In remarks published today, BoC Governor Mark Carney suggested that more flexibility in monetary policy should be considered in light of the shocks current markets have experienced.

Speaking at the annual conference of the Bank for International Settlements in Switzerland, Carney appeared to muse over policy direction:

* Policy frameworks should be flexible enough to allow the natural adjustment processes in the economy to determine the speed of adjustment to shocks
* Fixed exchange rates or subsidized energy prices make adjustment to economic shocks more costly; such rigidities impose costs on other countries because flexible prices must adjust in an unnecessarily large or rapid way
* In the face of major market shocks, monetary policy depends on both its ability to be flexible and credible
* In principle, monetary policy is built around the notion that it is best for policy to let inflation return to target at different speeds, depending on the type and characteristics of the shocks hitting the economy. In practice that doesn’t happen — the inflation target can’t take the type of shock hitting the markets into account but is forced to respond the same way for every scenario. That adds credibility and stability, but is there another way?
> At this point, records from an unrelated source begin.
(* Let $n\ge 2$, let $\sigma,\tau$ be positive integers with $|\sigma-\tau|\le1$ and $d=\sigma+\tau$, and let $\mathcal{S}$ be the set of all $\mathbf{T}=(T_{p-q})_{p,q=0}^{n-1}\in\mathcal{T}_{n,d}(\mathcal{O}_{\sigma,\tau})$ such that $T_j$ is noninvertible for every $j\neq0$. Then there are no $A,B\in\mathcal{O}_{\sigma,\tau}$ with $\operatorname{Ker}A\cap\operatorname{Ker}B=\{0\}$ such that $\mathcal{S}=\mathcal{F}_{A,B}^{\mathcal{O}_{\sigma,\tau}}$.
   Context: For $\sigma,\tau$ positive integers with $\sigma+\tau=d$, the Schur algebra is $$\mathcal{O}_{\sigma,\tau}=\left\{\begin{pmatrix}\lambda I_\sigma & X\\ 0 & \lambda I_\tau\end{pmatrix} : \lambda\in\mathbb{C},\ X\in\mathcal{M}_{\sigma\times\tau}(\mathbb{C})\right\}\subseteq\mathcal{M}_{d\times d}(\mathbb{C}),$$ written with respect to $\mathbb{C}^d=\mathbb{C}^\sigma\oplus\mathbb{C}^\tau$. For positive integers $n,d$, $\mathcal{T}_{n,d}$ denotes the set of block Toeplitz matrices $\mathbf{T}=(T_{p-q})_{p,q=0}^{n-1}$: $nd\times nd$ complex matrices partitioned into $n\times n$ blocks of size $d\times d$, whose $(p,q)$ block is $T_{p-q}$ for some $T_{-(n-1)},\dots,T_{n-1}\in\mathcal{M}_{d\times d}(\mathbb{C})$. For a subalgebra $\mathcal{B}\subseteq\mathcal{M}_{d\times d}(\mathbb{C})$, $\mathcal{T}_{n,d}(\mathcal{B})$ is the set of $\mathbf{T}\in\mathcal{T}_{n,d}$ with all $T_j\in\mathcal{B}$. For $A,B\in\mathcal{M}_{d\times d}(\mathbb{C})$, $$\mathcal{F}_{A,B}^{\mathcal{B}}=\{(T_{p-q})_{p,q=0}^{n-1}\in\mathcal{T}_{n,d}(\mathcal{B}) : AT_j=BT_{j-n}\text{ for } j=1,2,\dots,n-1\}.$$ *)

From HB Require Import structures.
From mathcomp Require Import all_boot all_order all_algebra.
Set Implicit Arguments. Unset Strict Implicit. Unset Printing Implicit Defensive.
Import Order.TTheory GRing.Theory Num.Theory.
Local Open Scope ring_scope.

(* Block index: the entry (i,j) of block (p,q) of an (n*d)x(n*d) matrix sits
   at row p*d+i, column q*d+j. *)
Lemma blk_index_proof (n d : nat) (p : 'I_n) (i : 'I_d) : (p * d + i < n * d)%N.
Proof.
have Hp : (p.+1 <= n)%N := ltn_ord p.
apply: (@leq_trans (p * d + d)%N); first by rewrite ltn_add2l ltn_ord.
by rewrite addnC -mulSn leq_mul2r Hp orbT.
Qed.

Definition blk_index (n d : nat) (p : 'I_n) (i : 'I_d) : 'I_(n * d) :=
  Ordinal (blk_index_proof p i).

Definition schur_alg (C : fieldType) (s t : nat) (M : 'M[C]_(s + t)) : Prop :=
  exists (lam : C) (X : 'M[C]_(s, t)),
    M = block_mx (lam%:M) X 0 (lam%:M).

Definition is_block_toeplitz (C : fieldType) (n d : nat)
    (M : 'M[C]_(n * d)) (T : int -> 'M[C]_d) : Prop :=
  forall (p q : 'I_n) (i j : 'I_d),
    M (blk_index p i) (blk_index q j) = T (p%:Z - q%:Z) i j.

Definition toeplitz_in (C : fieldType) (n d : nat) (B : 'M[C]_d -> Prop)
    (M : 'M[C]_(n * d)) (T : int -> 'M[C]_d) : Prop :=
  is_block_toeplitz M T /\
  forall j : int, - (n.-1)%:Z <= j <= (n.-1)%:Z -> B (T j).

Definition F_AB (C : fieldType) (n d : nat) (B : 'M[C]_d -> Prop)
    (A Bm : 'M[C]_d) (M : 'M[C]_(n * d)) : Prop :=
  exists T : int -> 'M[C]_d,
    toeplitz_in B M T /\
    forall j : nat, (1 <= j <= n.-1)%N ->
      A *m T j%:Z = Bm *m T (j%:Z - n%:Z).

Definition S_set (C : fieldType) (n d : nat) (B : 'M[C]_d -> Prop)
    (M : 'M[C]_(n * d)) : Prop :=
  exists T : int -> 'M[C]_d,
    toeplitz_in B M T /\
    forall j : int, - (n.-1)%:Z <= j <= (n.-1)%:Z -> j != 0 ->
      T j \notin unitmx.

From HB Require Import structures.
From mathcomp Require Import all_boot all_order all_algebra.
From mathcomp Require Import zify.
Set Implicit Arguments. Unset Strict Implicit. Unset Printing Implicit Defensive.
Import Order.TTheory GRing.Theory Num.Theory.
Local Open Scope ring_scope.

(* Let N be the element of O_{s,t} with scalar part 0 and all-ones
   corner block, and e the vector (1,...,1;0,...,0), so that N e = 0.  Every
   element of O_{s,t} with zero scalar part kills e, hence is noninvertible.
   Therefore any block sequence whose blocks are all 0 or N defines a matrix
   of S.  If S = F_{A,B}, such a matrix is in F_{A,B}, and since a block
   Toeplitz matrix determines its blocks, the sequence itself satisfies
   A T_j = B T_{j-n} for 1 <= j <= n-1.
   - The sequence with T_1 = N (other blocks 0), at j = 1, gives A N = 0.
   - The sequence with T_{-1} = N, at j = n-1, gives B N = 0.
   For a Schur element A, A N = 0 forces its scalar part to vanish, so A e = 0;
   likewise B e = 0, contradicting Ker A /\ Ker B = {0}. *)

Lemma nonunit_of_kernel_vec (R : comUnitRingType) (m : nat)
    (M : 'M[R]_m) (v : 'cV[R]_m) :
  v != 0 -> M *m v = 0 -> M \notin unitmx.
Proof.
move=> v_neq0 Mv0; apply/negP => Munit.
by move: v_neq0; rewrite -(mulKmx Munit v) Mv0 mulmx0 eqxx.
Qed.

Section BlockToeplitz.
Variables (C : fieldType) (n d : nat).
Hypothesis d_gt0 : (0 < d)%N.

Definition toeplitz_mx (T : int -> 'M[C]_d) : 'M[C]_(n * d) :=
  \matrix_(r, c) T ((r %/ d)%N%:Z - (c %/ d)%N%:Z)
     (Ordinal (ltn_pmod r d_gt0)) (Ordinal (ltn_pmod c d_gt0)).

Lemma blk_index_div (p : 'I_n) (i : 'I_d) : ((p * d + i) %/ d)%N = p.
Proof. by rewrite divnMDl // divn_small // addn0. Qed.

Lemma blk_index_mod (p : 'I_n) (i : 'I_d) : ((p * d + i) %% d)%N = i.
Proof. by rewrite modnMDl modn_small. Qed.

Lemma toeplitz_mxP (T : int -> 'M[C]_d) : is_block_toeplitz (toeplitz_mx T) T.
Proof.
move=> p q i j; rewrite mxE /= !blk_index_div.
by congr (T _ _ _); apply: val_inj; rewrite /= blk_index_mod.
Qed.

Lemma block_index_diff (n_gt0 : (0 < n)%N) (j : int) :
  - (n.-1)%:Z <= j <= (n.-1)%:Z -> exists p q : 'I_n, p%:Z - q%:Z = j.
Proof.
case: j => k hk.
  have k_lt_n : (k < n)%N by lia.
  by exists (Ordinal k_lt_n), (Ordinal n_gt0) => /=; lia.
have k_lt_n : (k.+1 < n)%N by lia.
by exists (Ordinal n_gt0), (Ordinal k_lt_n) => /=; lia.
Qed.

Lemma toeplitz_blocks_unique (n_gt0 : (0 < n)%N) (M : 'M[C]_(n * d))
    (T T' : int -> 'M[C]_d) (j : int) :
  is_block_toeplitz M T -> is_block_toeplitz M T' ->
  - (n.-1)%:Z <= j <= (n.-1)%:Z -> T j = T' j.
Proof.
move=> MT MT' /(block_index_diff n_gt0) [p [q <-]].
by apply/matrixP => i k; rewrite -MT -MT'.
Qed.

Lemma S_in_F_relation (n_ge2 : (2 <= n)%N) (P : 'M[C]_d -> Prop)
    (A B : 'M[C]_d) (T : int -> 'M[C]_d) :
  (forall M : 'M[C]_(n * d), S_set P M -> F_AB P A B M) ->
  (forall j, P (T j)) -> (forall j, j != 0 -> T j \notin unitmx) ->
  forall j : nat, (1 <= j <= n.-1)%N -> A *m T j%:Z = B *m T (j%:Z - n%:Z).
Proof.
move=> SF PT nonunitT j hj.
have n_gt0 : (0 < n)%N by lia.
have [T' [[MT' _] relT']] : @F_AB C n d P A B (toeplitz_mx T).
  apply: SF; exists T; split=> [|k _ /nonunitT //].
  by split=> [|k _]; [exact: toeplitz_mxP | exact: PT].
have blocksT : forall k : int, - (n.-1)%:Z <= k <= (n.-1)%:Z -> T k = T' k.
  by move=> k; exact: toeplitz_blocks_unique n_gt0 _ _ _ _ (toeplitz_mxP T) MT'.
by rewrite !blocksT ?relT' //; lia.
Qed.

End BlockToeplitz.

Section SchurNilpotent.
Variables (C : fieldType) (s t : nat).
Hypotheses (s_gt0 : (0 < s)%N) (t_gt0 : (0 < t)%N).

Definition schur_nil : 'M[C]_(s + t) :=
  block_mx 0 (const_mx 1 : 'M[C]_(s, t)) 0 0.

Definition top_vec : 'cV[C]_(s + t) := col_mx (const_mx 1 : 'M[C]_(s, 1)) 0.

Lemma top_vec_neq0 : top_vec != 0.
Proof.
apply/eqP => /matrixP /(_ (lshift t (Ordinal s_gt0)) ord0).
by rewrite col_mxEu !mxE => /eqP; rewrite oner_eq0.
Qed.

Lemma schur_nil_top_vec : schur_nil *m top_vec = 0.
Proof. by rewrite mul_block_col !mul0mx !mulmx0 !addr0 col_mx0. Qed.

Lemma schur_alg_nil : schur_alg schur_nil.
Proof. by exists 0, (const_mx 1); rewrite /schur_nil !raddf0. Qed.

Lemma schur_alg0 : schur_alg (0 : 'M[C]_(s + t)).
Proof. by exists 0, 0; rewrite !raddf0 block_mx0. Qed.

(* A Schur element annihilating N has zero scalar part, so it kills e. *)
Lemma schur_ann_nil_top_vec (A : 'M[C]_(s + t)) :
  schur_alg A -> A *m schur_nil = 0 -> A *m top_vec = 0.
Proof.
move=> [a [Y ->]]; rewrite mulmx_block -block_mx0 => /eq_block_mx [_ corner _ _].
have a0 : a = 0.
  move: corner; rewrite mulmx0 addr0 mul_scalar_mx.
  by move=> /matrixP /(_ (Ordinal s_gt0) (Ordinal t_gt0)); rewrite !mxE mulr1.
by rewrite a0 mul_block_col raddf0 !mul0mx !mulmx0 !addr0 col_mx0.
Qed.

Definition single_nil (k : int) : int -> 'M[C]_(s + t) :=
  fun j => if j == k then schur_nil else 0.

Lemma single_nil_schur (k j : int) : schur_alg (single_nil k j).
Proof. by rewrite /single_nil; case: ifP => _; [exact: schur_alg_nil | exact: schur_alg0]. Qed.

Lemma single_nil_nonunit (k j : int) : single_nil k j \notin unitmx.
Proof.
apply: (nonunit_of_kernel_vec top_vec_neq0); rewrite /single_nil.
by case: ifP => _; [exact: schur_nil_top_vec | rewrite mul0mx].
Qed.

End SchurNilpotent.

Theorem mainTheorem11 (C : numClosedFieldType) (n s t : nat)
  (hn : (2 <= n)%N) (hs : (0 < s)%N) (ht : (0 < t)%N)
  (hst : (s <= t.+1)%N && (t <= s.+1)%N) :
  ~ exists A B : 'M[C]_(s + t),
      [/\ schur_alg A, schur_alg B,
          (forall v : 'cV[C]_(s + t), A *m v = 0 -> B *m v = 0 -> v = 0)
        & forall M : 'M[C]_(n * (s + t)),
            S_set (@schur_alg C s t) M <-> F_AB (@schur_alg C s t) A B M].
Proof.
move=> [A [B [schurA schurB ker_trivial SF]]].
have d_gt0 : (0 < s + t)%N by lia.
have relation k := S_in_F_relation d_gt0 hn (fun M => (SF M).1)
  (@single_nil_schur C s t k) (fun j _ => @single_nil_nonunit C s t hs k j).
have AN : A *m schur_nil C s t = 0.
  have := relation 1 1%N; rewrite /single_nil eqxx.
  have -> : (1%N%:Z - n%:Z == 1) = false by apply/eqP; lia.
  by rewrite mulmx0; apply; lia.
have BN : B *m schur_nil C s t = 0.
  have := relation (-1) n.-1; rewrite /single_nil.
  have -> : ((n.-1)%:Z == -1) = false by apply/eqP; lia.
  have -> : ((n.-1)%:Z - n%:Z == -1) = true by apply/eqP; lia.
  by rewrite mulmx0 => rel; rewrite -rel //; lia.
have := ker_trivial _ (schur_ann_nil_top_vec hs ht schurA AN)
                      (schur_ann_nil_top_vec hs ht schurB BN).
by apply/eqP; exact: top_vec_neq0.
Qed.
Carney mused that in the increasingly globalized economy, central banks might be better able to adjust to market shocks if they didn’t have to follow rigid inflation targets (as does the BoC), provided that policy is clear and transparent enough to maintain credibility. He suggested that central banks might be better served if they temporarily tolerated inflation outside their target ranges or allowed a more flexible time horizon for bringing inflation to heel.

The BoC has an inflation target set within a range of 1-3% and adjusts interest rates to bring the rate to 2% within a period of 18 to 24 months. Carney pointed out that his remarks had no immediate bearing on the BoC, which is committed to its current target until the end of 2011.